Thursday 10 April 2003

Blair's War Has Shamed Britain

by Paul Routledge

The scenes of jubilation in Baghdad yesterday are both understandable and heartening. The Iraqi people no longer live under the heel of a tyrant who murdered my friend Farzad Bazoft and killed so many of his own people.

The toppling of Saddam Hussein’s regime is a matter for celebration. Less clear is the long-term fallout from a war that killed thousands of Iraqis, military and civilian.

Euphoria is one thing. Reality is another.

Now that American and British supremacy in arms over ramshackle Iraqi forces has been confirmed – as if it was ever in doubt – the smug voices of militarism are loud in their denunciation of people like me who opposed this war.

They glory in the death of a tyrant, but much more so in the vanity of self-righteousness. It feels good, oh so bloody good, to be on the winning side.

Let them have their day of exultation. They cannot see it, but such sentiments are closer to the heart of Saddam Hussein than the phoney humanitarian motives that propelled our country into war.

What we have done is cast a huge stone into a deep and dangerous pool.
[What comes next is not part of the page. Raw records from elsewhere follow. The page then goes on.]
Lemma abs_cont_onD (a b : R) (g h : R -> V) :
  abs_cont_on a b g -> abs_cont_on a b h -> abs_cont_on a b (g \+ h).
Proof.
move=> acg ach e e0; have e20 : 0 < e / 2 by rewrite divr_gt0.
have [dg [dg0 hdg]] := acg _ e20; have [dh [dh0 hdh]] := ach _ e20.
exists (Num.min dg dh); split=> [|n c c' hcc' disj]; first by rewrite lt_min dg0.
rewrite lt_min => /andP[/(hdg n c c' hcc' disj) sg /(hdh n c c' hcc' disj) sh].
apply: le_lt_trans (_ : \sum_(k < n) (`|g (c' k) - g (c k)| + `|h (c' k) - h (c k)|) < e).
  by apply: ler_sum => k _; rewrite /= opprD addrACA ler_normD.
by rewrite big_split /=; lra.
Qed.

Lemma abs_cont_on_id (a b : R) : abs_cont_on a b (fun u : R => u).
Proof.
move=> e e0; exists e; split=> // n c c' hcc' _; apply: le_lt_trans.
by apply: ler_sum => k _; have [_ [cc' _]] := hcc' k; rewrite ger0_norm ?subr_ge0.
Qed.

Lemma abs_cont_on_le {a b M : R} {g : R -> V} {F : R -> W} : 0 <= M ->
  (forall c d, a <= c -> c <= d -> d <= b -> `|F d - F c| <= M * `|g d - g c|) ->
  abs_cont_on a b g -> abs_cont_on a b F.
Proof.
move=> M0 hF acg e e0; have eM0 : 0 < e / (M + 1) by rewrite divr_gt0 //; lra.
have [d [d0 hd]] := acg _ eM0; exists d; split=> // n c c' hcc' disj /(hd n c c' hcc' disj) sg.
apply: (@le_lt_trans _ _ (M * \sum_(k < n) `|g (c' k) - g (c k)|)).
  by rewrite mulr_sumr; apply: ler_sum => k _; have [? [? ?]] := hcc' k; exact: hF.
apply: (@le_lt_trans _ _ (M * (e / (M + 1)))); first by rewrite ler_wpM2l // ltW.
by rewrite mulrA ltr_pdivrMr; [nra | lra].
Qed.

Lemma abs_cont_on_chain {a b : R} {g : R -> V} : abs_cont_on a b g ->
  forall e, 0 < e -> exists2 d, 0 < d & forall U lo hi G, a <= lo -> hi <= b ->
    interval_chain U lo hi G -> chain_length G < d -> chain_variation g G < e.
Proof.
move=> acg e /acg [d [d0 hd]]; exists d => // U lo hi G alo hib chain.
rewrite /chain_length /chain_variation !(big_nth (0, 0)) !big_mkord.
apply: hd => [k|k l kl].
  have [lok k12 k2hi] := interval_chain_mem chain (mem_nth (0, 0) (ltn_ord k)).
  by split; [exact: le_trans lok | split=> //; exact: le_trans hib].
case: (ltngtP k l) => [kl'|lk|/val_inj klE]; last by move: kl; rewrite klE eqxx.
  by right; apply: (interval_chain_nth_le chain).
by left; apply: (interval_chain_nth_le chain).
Qed.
The ripples will take a long time to reach the edge, and nobody can predict what impact they will have.

This is not a time for apologies from people like me. You will search in vain for a mea culpa in this column. Opposition to the war against Iraq was, and remains, my natural instinct. I know that Tony Blair is wrong. What I do not know is how long it will take for history to prove him so.